'''

(* Its value is a 4-tuple of blocks:
   1. A Q - Q H                                            (n x j)
   2. the j blocks [c_1..c_i]^H q_i - e_i  (i = 1..j), stored in a j x j matrix:
      entry (k,l) with k <= l is the k-th component of the l-th block;
      entries with k > l are padded with the constant 0     (j x j)
   3. q_1 - v                                               (n x 1)
   4. the entries h_(k,l) with k > l+1 (1-based: i > l+1); other entries padded
      with the constant 0                                    (j x j)
   The constant zero paddings do not affect the Jacobian's kernel. *)
Definition arnoldi_f (R : realType) (n j : nat) (A : 'M[Cx R]_n) (v : 'cV[Cx R]_n)
  (C : 'M[Cx R]_(n, j)) (x : 'M[Cx R]_(n, j) * 'M[Cx R]_j) :
  'M[Cx R]_(n, j) * 'M[Cx R]_j * 'cV[Cx R]_n * 'M[Cx R]_j :=
  let Q := x.1 in let H := x.2 in
  (A *m Q - Q *m H,
   \matrix_(k < j, l < j)
      (if (k <= l)%N then (ctrmx C *m Q) k l - (k == l)%:R else 0),
   \col_(r < n) (\sum_(l < j | (l == 0 :> nat)) Q r l) - v,
   \matrix_(k < j, l < j) (if (l.+1 < k)%N then H k l else 0)).

(* The map f is affine in (Q, H) up to the bilinear term - Q H, so its
   derivative at (Q, H) is h = (dQ, dH) |-> (A dQ - dQ H - Q dH, ...) and the
   remainder - dQ dH is o(h).

   The constraints make C^H Q unit lower triangular and
   H upper Hessenberg, and the kernel equations make the upper triangle of
   C^H dQ vanish, dH upper Hessenberg and dq_1 = 0. If the columns dq_1..dq_l
   vanish, multiplying column l of A dQ = dQ H + Q dH by C^H shows that
   C^H Q dh_l has zero entries 1..l+1, while dh_l is supported on them; forward
   substitution gives dh_l = 0, and then dq_(l+1) h_(l+1,l) = 0 with
   h_(l+1,l) <> 0. Hence dQ = 0, and dH = 0 by forward substitution again. *)

From HB Require Import structures.
From mathcomp Require Import all_boot all_order all_algebra.
From mathcomp Require Import all_classical all_reals all_analysis.
From mathcomp Require Import complex.
Import Order.TTheory GRing.Theory Num.Theory.
Import numFieldNormedType.Exports.
Set Implicit Arguments. Unset Strict Implicit. Unset Printing Implicit Defensive.
Local Open Scope ring_scope.

Section MatrixNorm.
Context {K : numFieldType}.

Lemma norm_mx_entry_le {m n} (M : 'M[K]_(m, n)) i j : `|M i j| <= `|M|.
Proof.
rewrite [leRHS]/Num.Def.normr /= mx_normE.
have -> : `|M i j| = (widen_itv `|M i j|%:itv : {nonneg K})%:num by [].
by rewrite num_le; apply/bigmax_geP; right; exists (i, j).
Qed.

Lemma mx_norm_le {m n} (M : 'M[K]_(m, n)) c :
  0 <= c -> (forall i j, `|M i j| <= c) -> `|M| <= c.
Proof.
move=> c_ge0 Mc; change (mx_norm M <= c).
have [->|/mx_norm_neq0[[i j] ->]] := eqVneq (mx_norm M) 0; first exact: c_ge0.
exact: Mc.
Qed.

Lemma norm_mulmx_le {m n p} (X : 'M[K]_(m, n)) (Y : 'M[K]_(n, p)) :
  `|X *m Y| <= n%:R * `|X| * `|Y|.
Proof.
apply: mx_norm_le => [|i k]; first by rewrite !mulr_ge0.
rewrite mxE (le_trans (ler_norm_sum _ _ _)) //.
have XY_le l : `|X i l * Y l k| <= `|X| * `|Y|.
  by rewrite normrM ler_pM ?norm_mx_entry_le.
rewrite (le_trans (ler_sum _ (fun l _ => XY_le l))) //.
by rewrite sumr_const card_ord -mulrA mulr_natl.
Qed.

Lemma mulmx_eqo m n p :
  (fun x : 'M[K]_(m, n) * 'M[K]_(n, p) => x.1 *m x.2)
    =o_ (0 : 'M[K]_(m, n) * 'M[K]_(n, p)) id.
Proof.
apply/eqoP => _ /posnumP[e]; near=> x.
(* n.+1 rather than n, which may be 0 *)
have : `|x| <= n.+1%:R^-1 * e%:num.
  near: x; rewrite !near_simpl; apply: nbhs0_le.
  by rewrite mulr_gt0 // invr_gt0 ltr0Sn.
rewrite ler_pdivlMl ?ltr0Sn // => x_small.
have [x1_le x2_le] : `|x.1| <= `|x| /\ `|x.2| <= `|x|.
  by rewrite prod_normE !comparable_le_max ?real_comparable ?normr_real ?lexx ?orbT.
rewrite (le_trans (norm_mulmx_le _ _)) // -mulrA.
rewrite (@le_trans _ _ (n.+1%:R * (`|x| * `|x|))) //.
  by rewrite ler_pM ?ler_nat ?mulr_ge0 // ler_pM.
by rewrite mulrA ler_pM ?mulr_ge0.
Unshelve. all: by end_near. Qed.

'''

Only a number is wanted. How many lines of the entries above carry "Hessenberg"?

Task response. 2